Task:
Only the lines below from the one containing "Lemma panel_pair_exists v" to the one containing "have EE' : samevert" should be repeated, both included and unchanged.

Given records:
—————

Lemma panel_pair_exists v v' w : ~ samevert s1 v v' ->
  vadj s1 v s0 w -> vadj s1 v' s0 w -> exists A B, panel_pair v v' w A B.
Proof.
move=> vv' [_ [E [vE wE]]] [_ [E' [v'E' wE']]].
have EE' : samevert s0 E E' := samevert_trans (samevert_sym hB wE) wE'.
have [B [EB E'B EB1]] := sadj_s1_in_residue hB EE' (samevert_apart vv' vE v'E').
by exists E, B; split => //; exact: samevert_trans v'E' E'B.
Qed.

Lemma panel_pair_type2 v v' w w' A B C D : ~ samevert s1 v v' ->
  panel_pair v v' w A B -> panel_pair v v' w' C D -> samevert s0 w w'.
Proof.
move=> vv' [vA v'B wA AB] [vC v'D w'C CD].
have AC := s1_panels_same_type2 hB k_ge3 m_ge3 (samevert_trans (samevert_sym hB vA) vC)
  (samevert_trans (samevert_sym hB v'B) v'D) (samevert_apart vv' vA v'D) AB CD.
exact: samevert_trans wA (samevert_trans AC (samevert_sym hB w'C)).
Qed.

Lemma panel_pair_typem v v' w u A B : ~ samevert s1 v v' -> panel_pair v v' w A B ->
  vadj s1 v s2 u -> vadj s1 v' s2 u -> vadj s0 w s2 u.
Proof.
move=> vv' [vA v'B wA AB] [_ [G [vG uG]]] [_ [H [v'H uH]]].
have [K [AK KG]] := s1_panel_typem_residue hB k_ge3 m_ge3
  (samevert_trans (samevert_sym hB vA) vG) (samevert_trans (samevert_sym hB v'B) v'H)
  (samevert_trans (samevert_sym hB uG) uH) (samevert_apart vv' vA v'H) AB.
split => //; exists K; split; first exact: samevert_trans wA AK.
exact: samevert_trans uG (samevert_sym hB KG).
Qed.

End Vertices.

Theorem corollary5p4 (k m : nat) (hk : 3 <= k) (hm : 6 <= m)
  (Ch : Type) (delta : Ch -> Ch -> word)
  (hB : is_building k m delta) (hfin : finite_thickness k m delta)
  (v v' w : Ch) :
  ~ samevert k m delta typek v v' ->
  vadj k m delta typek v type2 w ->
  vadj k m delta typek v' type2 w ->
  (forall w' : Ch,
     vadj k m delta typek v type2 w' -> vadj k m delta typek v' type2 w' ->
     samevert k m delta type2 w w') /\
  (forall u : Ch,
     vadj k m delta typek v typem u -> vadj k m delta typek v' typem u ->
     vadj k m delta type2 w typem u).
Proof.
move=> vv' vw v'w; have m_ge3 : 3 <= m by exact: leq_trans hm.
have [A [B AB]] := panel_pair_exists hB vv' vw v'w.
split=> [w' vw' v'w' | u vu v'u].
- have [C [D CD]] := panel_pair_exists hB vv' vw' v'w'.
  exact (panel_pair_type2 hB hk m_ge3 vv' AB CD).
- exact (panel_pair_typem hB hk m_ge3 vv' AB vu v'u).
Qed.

—————

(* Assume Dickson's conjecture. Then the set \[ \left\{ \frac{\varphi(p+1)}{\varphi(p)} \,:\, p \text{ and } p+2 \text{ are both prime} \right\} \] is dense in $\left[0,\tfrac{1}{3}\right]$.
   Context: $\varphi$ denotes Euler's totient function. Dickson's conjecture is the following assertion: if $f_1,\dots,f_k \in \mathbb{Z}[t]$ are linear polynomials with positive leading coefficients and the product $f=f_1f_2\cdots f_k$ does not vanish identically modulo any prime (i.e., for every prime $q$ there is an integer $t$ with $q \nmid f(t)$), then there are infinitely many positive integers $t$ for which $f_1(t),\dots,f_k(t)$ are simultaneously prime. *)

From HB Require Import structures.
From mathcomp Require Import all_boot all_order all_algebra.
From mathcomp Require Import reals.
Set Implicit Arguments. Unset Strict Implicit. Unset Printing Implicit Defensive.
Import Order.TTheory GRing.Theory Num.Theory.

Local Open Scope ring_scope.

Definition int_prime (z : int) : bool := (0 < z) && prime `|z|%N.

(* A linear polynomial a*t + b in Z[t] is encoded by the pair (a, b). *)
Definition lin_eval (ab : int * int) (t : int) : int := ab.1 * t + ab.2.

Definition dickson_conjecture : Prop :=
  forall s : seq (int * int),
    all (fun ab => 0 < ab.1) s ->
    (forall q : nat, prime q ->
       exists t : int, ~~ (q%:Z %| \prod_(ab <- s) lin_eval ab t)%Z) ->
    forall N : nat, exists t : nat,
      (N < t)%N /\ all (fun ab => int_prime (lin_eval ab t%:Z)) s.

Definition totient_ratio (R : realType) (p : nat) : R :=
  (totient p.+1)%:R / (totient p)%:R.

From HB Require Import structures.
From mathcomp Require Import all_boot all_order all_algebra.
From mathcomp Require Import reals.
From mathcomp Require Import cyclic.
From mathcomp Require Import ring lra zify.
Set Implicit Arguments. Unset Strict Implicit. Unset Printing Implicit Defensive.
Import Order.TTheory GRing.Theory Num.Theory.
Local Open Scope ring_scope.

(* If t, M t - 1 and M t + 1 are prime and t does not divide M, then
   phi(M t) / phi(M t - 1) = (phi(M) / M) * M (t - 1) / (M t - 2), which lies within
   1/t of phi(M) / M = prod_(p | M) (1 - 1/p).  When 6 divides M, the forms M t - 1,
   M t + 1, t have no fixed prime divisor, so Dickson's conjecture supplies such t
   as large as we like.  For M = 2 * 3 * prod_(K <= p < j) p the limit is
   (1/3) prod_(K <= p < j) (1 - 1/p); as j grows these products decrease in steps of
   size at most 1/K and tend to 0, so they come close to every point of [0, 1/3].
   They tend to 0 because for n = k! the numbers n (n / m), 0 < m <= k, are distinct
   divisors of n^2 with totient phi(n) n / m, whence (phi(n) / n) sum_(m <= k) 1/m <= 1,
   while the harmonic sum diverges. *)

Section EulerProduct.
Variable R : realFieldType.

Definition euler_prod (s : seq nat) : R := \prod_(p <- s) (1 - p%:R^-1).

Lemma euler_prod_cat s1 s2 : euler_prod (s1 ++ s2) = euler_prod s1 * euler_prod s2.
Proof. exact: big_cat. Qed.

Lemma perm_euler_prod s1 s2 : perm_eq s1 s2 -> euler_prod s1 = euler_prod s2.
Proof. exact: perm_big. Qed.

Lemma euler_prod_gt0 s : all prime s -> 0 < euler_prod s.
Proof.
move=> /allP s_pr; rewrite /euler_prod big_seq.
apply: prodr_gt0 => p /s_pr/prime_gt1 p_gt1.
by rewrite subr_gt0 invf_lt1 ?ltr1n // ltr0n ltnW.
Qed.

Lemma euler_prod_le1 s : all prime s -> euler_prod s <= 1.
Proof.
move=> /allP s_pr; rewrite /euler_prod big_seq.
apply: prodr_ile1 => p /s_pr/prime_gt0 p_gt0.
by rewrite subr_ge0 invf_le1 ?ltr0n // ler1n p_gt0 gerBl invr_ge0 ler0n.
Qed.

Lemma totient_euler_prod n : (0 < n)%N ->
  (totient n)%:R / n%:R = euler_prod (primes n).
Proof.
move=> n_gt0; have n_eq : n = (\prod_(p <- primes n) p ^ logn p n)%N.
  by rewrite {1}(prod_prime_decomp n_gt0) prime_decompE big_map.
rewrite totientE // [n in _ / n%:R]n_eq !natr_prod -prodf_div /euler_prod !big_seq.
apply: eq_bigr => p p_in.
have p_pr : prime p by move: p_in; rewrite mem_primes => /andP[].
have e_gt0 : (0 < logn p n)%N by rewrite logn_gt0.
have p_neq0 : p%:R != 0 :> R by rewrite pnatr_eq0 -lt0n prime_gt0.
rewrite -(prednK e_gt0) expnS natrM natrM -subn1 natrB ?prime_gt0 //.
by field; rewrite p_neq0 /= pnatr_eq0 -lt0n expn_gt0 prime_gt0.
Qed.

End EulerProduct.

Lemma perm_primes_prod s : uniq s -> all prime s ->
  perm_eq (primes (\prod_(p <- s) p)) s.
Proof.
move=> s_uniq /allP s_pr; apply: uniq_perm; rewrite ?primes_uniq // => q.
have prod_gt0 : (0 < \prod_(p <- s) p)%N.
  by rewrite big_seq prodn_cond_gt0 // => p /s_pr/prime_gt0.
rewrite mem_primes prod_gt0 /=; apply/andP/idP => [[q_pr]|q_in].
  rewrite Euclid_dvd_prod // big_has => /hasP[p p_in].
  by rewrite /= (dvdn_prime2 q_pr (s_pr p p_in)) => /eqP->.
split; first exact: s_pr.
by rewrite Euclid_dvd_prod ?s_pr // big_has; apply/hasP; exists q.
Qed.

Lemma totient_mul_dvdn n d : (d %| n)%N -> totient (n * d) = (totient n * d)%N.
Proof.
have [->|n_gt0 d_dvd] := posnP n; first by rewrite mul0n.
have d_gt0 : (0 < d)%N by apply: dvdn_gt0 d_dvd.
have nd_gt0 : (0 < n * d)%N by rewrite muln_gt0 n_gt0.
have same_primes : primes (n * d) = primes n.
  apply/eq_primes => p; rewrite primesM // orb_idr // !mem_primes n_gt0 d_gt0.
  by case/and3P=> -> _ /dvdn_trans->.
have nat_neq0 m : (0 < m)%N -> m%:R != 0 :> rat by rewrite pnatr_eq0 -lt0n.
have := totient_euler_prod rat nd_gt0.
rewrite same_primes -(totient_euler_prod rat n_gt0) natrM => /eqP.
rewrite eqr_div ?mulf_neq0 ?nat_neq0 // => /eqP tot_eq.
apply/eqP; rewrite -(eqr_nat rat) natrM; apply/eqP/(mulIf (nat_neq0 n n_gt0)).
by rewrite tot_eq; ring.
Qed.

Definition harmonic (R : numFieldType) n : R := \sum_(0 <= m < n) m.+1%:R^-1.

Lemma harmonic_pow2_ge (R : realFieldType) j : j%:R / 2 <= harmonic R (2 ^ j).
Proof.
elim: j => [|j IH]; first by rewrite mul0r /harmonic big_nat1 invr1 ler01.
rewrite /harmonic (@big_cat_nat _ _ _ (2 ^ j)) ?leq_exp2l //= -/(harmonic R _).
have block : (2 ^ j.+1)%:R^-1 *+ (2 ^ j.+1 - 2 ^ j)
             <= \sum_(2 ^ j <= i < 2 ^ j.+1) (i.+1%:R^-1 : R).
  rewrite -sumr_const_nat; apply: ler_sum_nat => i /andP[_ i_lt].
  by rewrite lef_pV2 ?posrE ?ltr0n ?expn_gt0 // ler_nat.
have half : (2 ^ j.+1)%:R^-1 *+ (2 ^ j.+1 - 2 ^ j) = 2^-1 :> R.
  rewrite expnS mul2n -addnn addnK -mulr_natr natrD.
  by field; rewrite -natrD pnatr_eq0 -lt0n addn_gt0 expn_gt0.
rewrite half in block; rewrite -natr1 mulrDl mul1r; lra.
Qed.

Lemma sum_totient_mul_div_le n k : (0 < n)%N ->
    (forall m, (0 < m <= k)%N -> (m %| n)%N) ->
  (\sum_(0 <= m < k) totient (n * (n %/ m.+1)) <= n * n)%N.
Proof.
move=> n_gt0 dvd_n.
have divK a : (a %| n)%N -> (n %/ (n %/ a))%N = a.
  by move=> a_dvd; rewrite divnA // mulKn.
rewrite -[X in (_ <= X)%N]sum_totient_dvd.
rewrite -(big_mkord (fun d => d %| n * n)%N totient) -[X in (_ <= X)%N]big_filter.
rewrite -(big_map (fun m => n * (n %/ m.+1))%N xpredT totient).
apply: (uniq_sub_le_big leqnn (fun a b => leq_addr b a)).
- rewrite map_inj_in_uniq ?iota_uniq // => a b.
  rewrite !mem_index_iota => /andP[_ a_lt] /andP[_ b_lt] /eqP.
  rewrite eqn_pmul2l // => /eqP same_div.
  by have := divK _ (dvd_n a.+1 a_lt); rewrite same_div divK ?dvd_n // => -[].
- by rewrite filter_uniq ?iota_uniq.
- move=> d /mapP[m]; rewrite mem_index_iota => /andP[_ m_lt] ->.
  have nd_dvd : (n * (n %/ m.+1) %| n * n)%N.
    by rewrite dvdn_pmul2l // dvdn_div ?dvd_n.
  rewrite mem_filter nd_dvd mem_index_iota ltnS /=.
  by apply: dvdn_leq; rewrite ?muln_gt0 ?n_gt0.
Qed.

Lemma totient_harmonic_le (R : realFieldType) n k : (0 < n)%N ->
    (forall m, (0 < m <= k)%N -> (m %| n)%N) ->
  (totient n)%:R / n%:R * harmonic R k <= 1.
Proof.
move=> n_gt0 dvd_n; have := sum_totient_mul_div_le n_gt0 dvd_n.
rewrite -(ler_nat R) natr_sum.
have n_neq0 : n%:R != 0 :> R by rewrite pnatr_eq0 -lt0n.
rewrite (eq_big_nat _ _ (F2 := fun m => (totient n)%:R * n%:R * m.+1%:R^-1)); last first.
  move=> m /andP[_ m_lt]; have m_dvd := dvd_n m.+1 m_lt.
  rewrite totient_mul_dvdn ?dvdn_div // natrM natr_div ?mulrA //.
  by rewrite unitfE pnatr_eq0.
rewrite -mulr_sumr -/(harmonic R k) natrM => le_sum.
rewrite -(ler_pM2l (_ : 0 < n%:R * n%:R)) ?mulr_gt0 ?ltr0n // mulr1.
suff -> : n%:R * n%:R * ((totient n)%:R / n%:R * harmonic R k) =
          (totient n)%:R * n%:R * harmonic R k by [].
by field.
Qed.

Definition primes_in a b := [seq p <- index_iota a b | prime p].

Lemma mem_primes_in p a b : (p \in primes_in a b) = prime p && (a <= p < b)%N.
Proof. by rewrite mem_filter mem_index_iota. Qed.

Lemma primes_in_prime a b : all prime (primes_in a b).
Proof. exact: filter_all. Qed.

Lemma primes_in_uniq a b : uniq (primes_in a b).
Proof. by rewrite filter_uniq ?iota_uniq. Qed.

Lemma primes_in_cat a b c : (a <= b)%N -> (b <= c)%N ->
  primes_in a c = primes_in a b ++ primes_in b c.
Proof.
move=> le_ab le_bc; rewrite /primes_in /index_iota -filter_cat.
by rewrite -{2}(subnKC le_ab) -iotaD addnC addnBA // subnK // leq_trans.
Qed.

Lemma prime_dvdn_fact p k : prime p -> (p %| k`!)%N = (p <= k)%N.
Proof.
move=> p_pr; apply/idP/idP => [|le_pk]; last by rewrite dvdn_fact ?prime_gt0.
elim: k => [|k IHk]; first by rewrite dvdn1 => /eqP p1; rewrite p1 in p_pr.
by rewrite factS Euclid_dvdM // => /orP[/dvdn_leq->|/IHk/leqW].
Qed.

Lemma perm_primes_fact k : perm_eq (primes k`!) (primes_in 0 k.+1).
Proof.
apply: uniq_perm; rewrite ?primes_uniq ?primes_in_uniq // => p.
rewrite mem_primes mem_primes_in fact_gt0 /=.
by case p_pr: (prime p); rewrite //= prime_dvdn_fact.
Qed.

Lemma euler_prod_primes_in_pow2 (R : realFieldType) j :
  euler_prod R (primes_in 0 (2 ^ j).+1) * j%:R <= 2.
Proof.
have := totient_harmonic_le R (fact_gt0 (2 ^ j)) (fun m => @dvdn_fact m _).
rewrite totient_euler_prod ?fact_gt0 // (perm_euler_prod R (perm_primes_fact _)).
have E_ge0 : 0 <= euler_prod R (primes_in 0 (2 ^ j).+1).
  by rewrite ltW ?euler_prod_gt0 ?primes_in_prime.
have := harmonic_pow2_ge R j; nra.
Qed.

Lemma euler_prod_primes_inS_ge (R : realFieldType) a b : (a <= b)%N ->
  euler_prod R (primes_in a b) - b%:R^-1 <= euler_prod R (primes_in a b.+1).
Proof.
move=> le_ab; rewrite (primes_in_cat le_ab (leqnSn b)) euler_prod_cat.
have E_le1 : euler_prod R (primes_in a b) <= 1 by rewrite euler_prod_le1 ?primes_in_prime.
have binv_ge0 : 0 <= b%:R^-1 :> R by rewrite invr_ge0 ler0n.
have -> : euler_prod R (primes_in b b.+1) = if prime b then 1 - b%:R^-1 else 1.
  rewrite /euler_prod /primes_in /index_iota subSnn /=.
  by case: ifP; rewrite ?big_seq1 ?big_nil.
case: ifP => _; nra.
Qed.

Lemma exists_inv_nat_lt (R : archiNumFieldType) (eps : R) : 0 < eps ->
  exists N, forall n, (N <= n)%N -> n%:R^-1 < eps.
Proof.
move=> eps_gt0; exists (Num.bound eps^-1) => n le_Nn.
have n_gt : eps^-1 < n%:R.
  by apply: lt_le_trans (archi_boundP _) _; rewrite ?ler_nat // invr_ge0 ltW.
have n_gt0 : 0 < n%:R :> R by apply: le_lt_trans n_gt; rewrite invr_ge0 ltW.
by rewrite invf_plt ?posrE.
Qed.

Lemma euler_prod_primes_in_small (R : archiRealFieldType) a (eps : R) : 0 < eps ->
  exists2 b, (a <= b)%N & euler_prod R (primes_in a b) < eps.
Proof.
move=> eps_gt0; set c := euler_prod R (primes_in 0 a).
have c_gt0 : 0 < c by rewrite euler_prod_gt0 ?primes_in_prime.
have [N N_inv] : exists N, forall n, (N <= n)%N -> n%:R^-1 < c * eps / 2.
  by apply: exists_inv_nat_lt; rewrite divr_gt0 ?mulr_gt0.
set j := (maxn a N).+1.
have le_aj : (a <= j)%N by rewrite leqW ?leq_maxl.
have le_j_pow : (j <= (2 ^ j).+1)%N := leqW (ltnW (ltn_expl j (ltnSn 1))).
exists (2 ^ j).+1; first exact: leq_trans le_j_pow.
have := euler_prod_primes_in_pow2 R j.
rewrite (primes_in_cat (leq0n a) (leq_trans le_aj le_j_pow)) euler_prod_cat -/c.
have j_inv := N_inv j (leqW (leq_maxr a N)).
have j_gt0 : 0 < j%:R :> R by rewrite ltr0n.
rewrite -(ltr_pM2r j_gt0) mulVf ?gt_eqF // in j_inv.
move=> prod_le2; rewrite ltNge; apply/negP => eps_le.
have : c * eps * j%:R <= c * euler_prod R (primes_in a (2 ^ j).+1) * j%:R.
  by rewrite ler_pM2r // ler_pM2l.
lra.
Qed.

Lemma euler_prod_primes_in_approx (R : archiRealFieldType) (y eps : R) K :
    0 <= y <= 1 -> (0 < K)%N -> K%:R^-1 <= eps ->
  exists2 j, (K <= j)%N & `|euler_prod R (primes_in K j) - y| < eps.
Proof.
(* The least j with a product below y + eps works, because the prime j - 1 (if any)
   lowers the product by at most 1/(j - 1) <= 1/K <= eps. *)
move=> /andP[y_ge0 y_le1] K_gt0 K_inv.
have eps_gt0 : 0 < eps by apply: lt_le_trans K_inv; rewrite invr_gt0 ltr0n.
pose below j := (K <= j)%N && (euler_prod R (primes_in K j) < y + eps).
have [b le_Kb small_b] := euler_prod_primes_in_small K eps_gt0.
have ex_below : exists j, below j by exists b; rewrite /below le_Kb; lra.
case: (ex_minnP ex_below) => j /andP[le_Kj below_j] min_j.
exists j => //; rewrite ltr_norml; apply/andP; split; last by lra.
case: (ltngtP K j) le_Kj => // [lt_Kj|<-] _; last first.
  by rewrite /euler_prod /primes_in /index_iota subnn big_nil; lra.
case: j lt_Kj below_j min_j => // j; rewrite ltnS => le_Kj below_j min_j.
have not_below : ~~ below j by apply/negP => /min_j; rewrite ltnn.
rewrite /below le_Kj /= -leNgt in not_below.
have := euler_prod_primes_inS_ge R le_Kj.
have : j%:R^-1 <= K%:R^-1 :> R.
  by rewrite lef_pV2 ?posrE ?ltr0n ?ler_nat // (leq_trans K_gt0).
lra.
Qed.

—————

Exercise response:
Lemma panel_pair_exists v v' w : ~ samevert s1 v v' ->
  vadj s1 v s0 w -> vadj s1 v' s0 w -> exists A B, panel_pair v v' w A B.
Proof.
move=> vv' [_ [E [vE wE]]] [_ [E' [v'E' wE']]].
have EE' : samevert s0 E E' := samevert_trans (samevert_sym hB wE) wE'.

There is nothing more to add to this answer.